Ashizawa Tatsuto, Okada Ryosuke, Suzuki Yoshiaki, Takagi Makoto, Yamazaki Tatsuyuki, Sumi Tetsuo, Aoki Toshiaki, Ohnuma Shinobu, Aoki Tatsuya
Department of Digestive Tract Surgery, Hachioji Medical Center of Tokyo Medical University, Tate-machi, Hachioji, Tokyo 193-0998, Japan.
Gastric Cancer. 2005;8(2):124-31. doi: 10.1007/s10120-005-0315-x.
It is becoming clear that various cytokines are associated with the spread of cancer cells. The purpose of this study was to compare interleukin (IL)-6 levels in patients with gastric cancer to elucidate the role of IL-6 in predicting the spread of tumors.

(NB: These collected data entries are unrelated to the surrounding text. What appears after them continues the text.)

Lemma is_dist_new_other_ends x y w z (H : cut_edge e S x y) (H' : cut_edge e S w z) s t n :
  (x, y) != (w, z) -> s <= k.+1 -> t <= k.+1 ->
  is_dist e' (subdiv_at H s) (subdiv_at H' t) n ->
  exists dxw dxz dyw dyz,
    [/\ is_dist e x w dxw, is_dist e x z dxz, is_dist e y w dyw & is_dist e y z dyz].
Proof.
move=> nxy le_sk le_tk /is_dist_walk[q Wq _].
have off t0 : 0 < t0 <= k -> subdiv_at H' t != subdiv_at H t0 by apply: subdiv_at_other.
have ends := edges_is_dist e_sym (cut_rel H) (cut_rel H').
have x_xy := mem_head x [:: y]; have y_xy := mem_last x [:: y].
have w_wz := mem_head w [:: z]; have z_wz := mem_last w [:: z].
case: (shadow_new_off (shadow_new_walk le_sk Wq) off) => -[m Sh _];
  case: (shadow_subdiv_at le_tk Sh) => -[p Wp _].
- exact: ends _ _ _ x_xy w_wz Wp.
- exact: ends _ _ _ x_xy z_wz Wp.
- exact: ends _ _ _ y_xy w_wz Wp.
- exact: ends _ _ _ y_xy z_wz Wp.
Qed.

Lemma no_tie_new_same x y (H : cut_edge e S x y) i j n : i < k -> j < k ->
  is_dist e' (subdiv_at H i.+1) (subdiv_at H j.+1) n.+1 ->
  is_dist e' (subdiv_at H i.+1) (subdiv_at H j) n ->
  is_dist e' (subdiv_at H i.+1) (subdiv_at H j.+2) n -> False.
Proof.
move=> lt_ik lt_jk D1 D0 D2; have s_in : 0 < i.+1 <= k by [].
have [le0 le1 le2] : [/\ j <= k.+1, j.+1 <= k.+1 & j.+2 <= k.+1] by split; lia.
have := subdiv_dist_new_same s_in le0 D0; have := subdiv_dist_new_same s_in le1 D1.
by have := subdiv_dist_new_same s_in le2 D2; lia.
Qed.

Hypothesis cut_odd : forall u v w x : V, cut_edge e S u v -> cut_edge e S w x ->
  (u, v) != (w, x) -> forall n m, is_dist e u w n -> is_dist e v x m -> odd (n + m).

Lemma no_tie_new_other x y w z (H : cut_edge e S x y) (H' : cut_edge e S w z) i j n :
  (x, y) != (w, z) -> i < k -> j < k ->
  is_dist e' (subdiv_at H i.+1) (subdiv_at H' j.+1) n.+1 ->
  is_dist e' (subdiv_at H i.+1) (subdiv_at H' j) n ->
  is_dist e' (subdiv_at H i.+1) (subdiv_at H' j.+2) n -> False.
Proof.
move=> nxy lt_ik lt_jk D1 D0 D2; have s_in : 0 < i.+1 <= k by [].
have [le0 le1 le2] : [/\ j <= k.+1, j.+1 <= k.+1 & j.+2 <= k.+1] by split; lia.
have le_ik : i.+1 <= k.+1 by lia.
have [dxw [dxz [dyw [dyz [Dxw Dxz Dyw Dyz]]]]] := is_dist_new_other_ends nxy le_ik le1 D1.
have := subdiv_dist_new_other nxy s_in le0 Dxw Dxz Dyw Dyz D0.
have := subdiv_dist_new_other nxy s_in le1 Dxw Dxz Dyw Dyz D1.
have := subdiv_dist_new_other nxy s_in le2 Dxw Dxz Dyw Dyz D2.
have odd_sum : (dxw + dyz) %% 2 = 1 by rewrite modn2 (cut_odd H H' nxy Dxw Dyz).
lia.
Qed.

Lemma unique_pred_new_new t1 t2 : unique_pred e' (inr t1) (inr t2).
Proof.
case: t1 t2 => [[[x y] i] H] [[[w z] j] H']; rewrite !subdiv_at_ord.
apply: unique_pred_of_two_nbrs (subdiv_at_nbr (ltn_ord j)) _ => n.
case: (eqVneq (x, y) (w, z)) => [[<- <-] | nxy] in H' *; last exact: no_tie_new_other.
by rewrite !(subdiv_at_irr H' H); apply: no_tie_new_same.
Qed.

Lemma subdiv_geodetic : geodetic e'.
Proof.
apply: geodetic_of_unique_pred subdiv_rel_sym _ => -[a|t1] [b|t2].
- by left; apply: unique_pred_old_old.
- by left; apply: unique_pred_old_new.
- by right; apply: unique_pred_old_new.
- by left; apply: unique_pred_new_new.
Qed.

End Subdivision.

Theorem proposition1 (V : finType) (e : rel V)
  (e_sym : symmetric e) (e_irr : irreflexive e)
  (S : {set V})
  (Hgeo : geodetic e)
  (HS : geod_closed e S) (HT : geod_closed e (~: S))
  (Hodd : forall u v w x : V, cut_edge e S u v -> cut_edge e S w x ->
          (u, v) != (w, x) ->
          forall n m, is_dist e u w n -> is_dist e v x m -> odd (n + m))
  (k : nat) :
  geodetic (subdiv_rel e S k).
Proof.
(* Loops lie on no shortest path. *)
exact: subdiv_geodetic e_sym HS HT Hgeo Hodd.
Qed.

In 60 patients, we assessed the correlation of serum IL-6 (pg/ml) with stage, histological findings, hepatic metastasis, and related factors (hepatocyte growth factor [HGF], IL-1beta, tumor necrosis factor [TNF]-alpha, and transforming growth factor [TGF]-beta1). We also investigated the diagnostic significance of the IL-6 level for advanced gastric cancer and lymph node metastasis, as well as the association between IL-6 elevation and outcome. Finally, we examined the expression of IL-6 in tumor tissue.
Significant relationships were seen between serum IL-6 and stage, depth of tumor invasion (pT), lymphatic invasion (ly), venons invasion (v)*, lymph node metastasis (pN), hepatic metastasis (cH), and HGF (P < 0.01; *P < 0.05). With regard to the diagnostic significance of the IL-6 level for advanced gastric cancer and lymph node metastasis, when the cutoff value of IL-6 was set at 1.97 pg/ml, the sensitivity was 81.8% and 87.5%; specificity was 66.7% and 58.3%; and accuracy was 77.1% and 72.9%, respectively. The 1- and 3-year cumulative survival rates for patients with an IL-6 value of more than 1.97 pg/ml (69.0% and 43.4%, respectively) were significantly lower than those for patients with an IL-6 value of 1.97 pg/ml or less (94.4% and 87.2%, respectively; P < 0.05). Immunohistochemical staining was positive for IL-6 in the cytoplasm of cancer cells.
We suspect that IL-6 is involved in cancer invasion and lymph node and/or hepatic metastasis. Our results indicate that IL-6 could be used as a prognostic factor for survival.
越来越清楚的是,多种细胞因子与癌细胞的扩散有关。本研究的目的是比较胃癌患者的白细胞介素(IL)-6水平,以阐明IL-6在预测肿瘤扩散中的作用。
在60例患者中,我们评估了血清IL-6(pg/ml)与分期、组织学结果、肝转移及相关因子(肝细胞生长因子[HGF]、IL-1β、肿瘤坏死因子[TNF]-α和转化生长因子[TGF]-β1)之间的相关性。我们还研究了IL-6水平对进展期胃癌和淋巴结转移的诊断意义,以及IL-6升高与预后的关系。最后,我们检测了肿瘤组织中IL-6的表达。
血清IL-6与分期、肿瘤浸润深度(pT)、淋巴浸润(ly)、静脉浸润(v)*、淋巴结转移(pN)、肝转移(cH)和HGF之间存在显著相关性(P < 0.01;*P < 0.05)。关于IL-6水平对进展期胃癌和淋巴结转移的诊断意义,当IL-6的临界值设定为1.97 pg/ml时,敏感性分别为81.8%和87.5%;特异性分别为66.7%和58.3%;准确性分别为77.1%和72.9%。IL-6值大于1.97 pg/ml的患者1年和3年累积生存率(分别为69.0%和43.4%)显著低于IL-6值小于或等于1.97 pg/ml的患者(分别为94.4%和87.2%;P < 0.05)。免疫组织化学染色显示癌细胞胞质中IL-6呈阳性。
我们怀疑IL-6参与了癌症侵袭以及淋巴结和/或肝转移。我们的结果表明,IL-6可作为生存的预后因素。